The Secret to Mastering Distributed Systems: CAP Theorem and Its Extensions

Is the CAP theorem still relevant in today's distributed systems? Explore the CAP role in modern distributed systems, focusing on trade-offs, user impact and service quality

Jan 12, 2024

Hello folks, and welcome to another series of Tech Setters where we discuss tech, technologies and computer science in general. Today we talk about distributed systems and CAP theorem in particular. This theorem is a bit like the Swiss Army knife of computer science – incredibly useful, multifaceted, and a must-have in your tech toolkit, whether you're a veteran in the field or just stepping into the arena.
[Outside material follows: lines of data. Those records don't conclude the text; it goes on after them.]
(* Let $\mathcal{F}_2$ be the field of (locally) analytic functions of $(x,y)$, $X=\partial/\partial x$, $Y=\partial/\partial y$, and $\mathcal{F}_2((X))$ the skew field of formal pseudodifferential operators in $X$ with coefficients in $\mathcal{F}_2$. Let $u\in\mathcal{F}_2$ and $M=Y-X^{-1}\cdot u\in\mathcal{F}_2((X))[Y]$. Let $n\ge1$ be an integer and let $P\in\mathcal{F}_2((X))$ have order $n$ and satisfy $[P,M]=0$. If $R\in\mathcal{F}_2((X))$ satisfies $R^n=P$, then $[R,M]=0$.
   Context: $\mathcal{F}_2((X))$ consists of formal series $\sum_{i\ge0}p_{n-i}X^{n-i}$ with $p_j\in\mathcal{F}_2$, $n\in\mathbb{Z}$ (order $n$ if $p_n\neq0$), multiplied by the usual composition rule of pseudodifferential operators, $X^{k}\cdot a=\sum_{j\ge0}\binom{k}{j}a^{(j)}X^{k-j}$ ($a^{(j)}$ the $j$-th $x$-derivative, generalized binomial coefficients). $\mathcal{F}_2((X))[Y]$ is the ring of polynomials in $Y$ with coefficients in $\mathcal{F}_2((X))$, where $Y$ commutes with $X$ and $Y\cdot a=aY+\partial a/\partial y$ for $a\in\mathcal{F}_2$. $[A,B]=AB-BA$. *)

From mathcomp Require Import all_boot all_order all_algebra.
Set Implicit Arguments. Unset Strict Implicit. Unset Printing Implicit Defensive.
Import Order.TTheory GRing.Theory Num.Theory.
Local Open Scope ring_scope.

(* A formal pseudodifferential operator  sum_{i>=0} ps_co i * X^(ps_ord - i)
   (coefficients written on the left), coefficients in F. *)
Record psdo (F : Type) := PSDO { ps_ord : int; ps_co : nat -> F }.
Arguments PSDO {F}.

Section PS.
Variable F : fieldType.
Variable dx : F -> F.

Definition ps_coef (A : psdo F) (t : int) : F :=
  if t <= ps_ord A then ps_co A `|ps_ord A - t|%N else 0.

(* equality of series (representations are not unique) *)
Definition ps_eq (A B : psdo F) : Prop := forall t, ps_coef A t = ps_coef B t.

Definition ps_zero : psdo F := PSDO 0 (fun _ => 0).
Definition ps_one : psdo F := PSDO 0 (fun i => (i == 0%N)%:R).
Definition ps_const (a : F) : psdo F := PSDO 0 (fun i => if i == 0%N then a else 0).
Definition ps_Xpow (k : int) : psdo F := PSDO k (fun i => (i == 0%N)%:R).

Definition ps_add (A B : psdo F) : psdo F :=
  let o := Num.max (ps_ord A) (ps_ord B) in
  PSDO o (fun i => ps_coef A (o - i%:Z) + ps_coef B (o - i%:Z)).
Definition ps_opp (A : psdo F) : psdo F := PSDO (ps_ord A) (fun i => - ps_co A i).
Definition ps_map (f : F -> F) (A : psdo F) : psdo F :=
  PSDO (ps_ord A) (fun i => f (ps_co A i)).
This material is tailored for everyone: from seasoned professionals looking for a quick refresher to eager beginners prepping for their big tech interviews. Our aim is not just to explain but to enlighten, ensuring you walk away not only understanding the CAP theorem but also ready to apply it or explain it, whether in a boardroom or a chat room.
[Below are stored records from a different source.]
Lemma sin_sqr_lipschitz (x y : R) : Rabs (sin x ^ 2 - sin y ^ 2) <= Rabs (x - y).
Proof.
  rewrite <- (Rmult_1_l (Rabs (x - y))).
  apply (bounded_variation (fun t => sin t ^ 2) (fun t => 2 * sin t * cos t)).
  intros t _. split.
  - auto_derive; [exact I | ring].
  - pose proof (sin2_cos2 t). unfold Rsqr in *. apply Rabs_le.
    pose proof (pow2_ge_0 (sin t - cos t)). pose proof (pow2_ge_0 (sin t + cos t)).
    split; nra.
Qed.

Lemma sin_sqr_le_sqr (t : R) : sin t ^ 2 <= t ^ 2.
Proof.
  assert (H : Rabs (sin t - sin 0) <= 1 * Rabs (t - 0)).
  { apply (bounded_variation sin cos). intros u _. split.
    - auto_derive; [exact I | ring].
    - apply Rabs_le, COS_bound. }
  rewrite sin_0, !Rminus_0_r, Rmult_1_l in H.
  rewrite <- (pow2_abs (sin t)), <- (pow2_abs t).
  pose proof (Rabs_pos (sin t)). nra.
Qed.

Lemma sin_sqr_semiconcave (p t : R) :
  sin (p + t) ^ 2 + sin (p - t) ^ 2 - 2 * sin p ^ 2 <= 2 * t ^ 2.
Proof.
  assert (Hcos2 : sin (p + t) ^ 2 + sin (p - t) ^ 2 - 2 * sin p ^ 2
                  = 2 * sin t ^ 2 * (cos p ^ 2 - sin p ^ 2)).
  { rewrite sin_plus, sin_minus.
    pose proof (sin2_cos2 p). pose proof (sin2_cos2 t). unfold Rsqr in *. nra. }
  rewrite Hcos2. pose proof (sin_sqr_le_sqr t). pose proof (sin2_cos2 p). unfold Rsqr in *.
  assert (0 <= sin t ^ 2) by nra. nra.
Qed.

Lemma PI_bounds : 3 < PI <= 4.
Proof. pose proof PI2_3_2. pose proof PI_4. lra. Qed.

Lemma sqr_le_2_mul_sin (x : R) : Rabs x <= 8 / 5 -> x ^ 2 <= 2 * (x * sin x).
Proof.
  assert (Hpos : forall z, 0 <= z <= 8 / 5 -> z ^ 2 <= 2 * (z * sin z)).
  { intros z Hz. pose proof PI_bounds.
    destruct (sin_bound z 0 ltac:(lra) ltac:(lra)) as [Hsin _].
    replace (sin_approx z (2 * 0 + 1)) with (z - z ^ 3 / 6) in Hsin
      by (unfold sin_approx, sin_term; simpl; field).
    assert (z * (z - z ^ 3 / 6) <= z * sin z) by (apply Rmult_le_compat_l; lra).
    assert (z ^ 2 * z ^ 2 <= 3 * z ^ 2) by (apply Rmult_le_compat_r; nra).
    nra. }
  intros Hx. destruct (Rle_dec 0 x) as [H0 | H0].
  - apply Hpos. rewrite Rabs_pos_eq in Hx; lra.
  - rewrite Rabs_left in Hx by lra.
    replace (x ^ 2) with ((- x) ^ 2) by ring.
    replace (x * sin x) with (- x * sin (- x)) by (rewrite sin_neg; ring).
    apply Hpos. lra.
Qed.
So let's gear up and get off the ground on this educational flight, breaking down complex concepts into bite-sized, easily digestible pieces. Ready?

What's Enough to Know About the CAP Theorem?

… for Interviews at Most Tech Companies?

Let me start with a quick refresher. The CAP theorem, a fundamental principle in distributed computing systems, serves as a cornerstone for understanding how these systems manage data. Initially formulated by computer scientist Eric Brewer, the theorem presents a crucial choice between three properties: Consistency, Availability, and Partition Tolerance.

Eric Brewer introduced this theorem at the Symposium on Principles of Distributed Computing in 2000. Two years later, in 2002, Seth Gilbert and Nancy Lynch from the Massachusetts Institute of Technology (MIT) provided a formal proof of Brewer's hypothesis, thus elevating it to the status of a theorem.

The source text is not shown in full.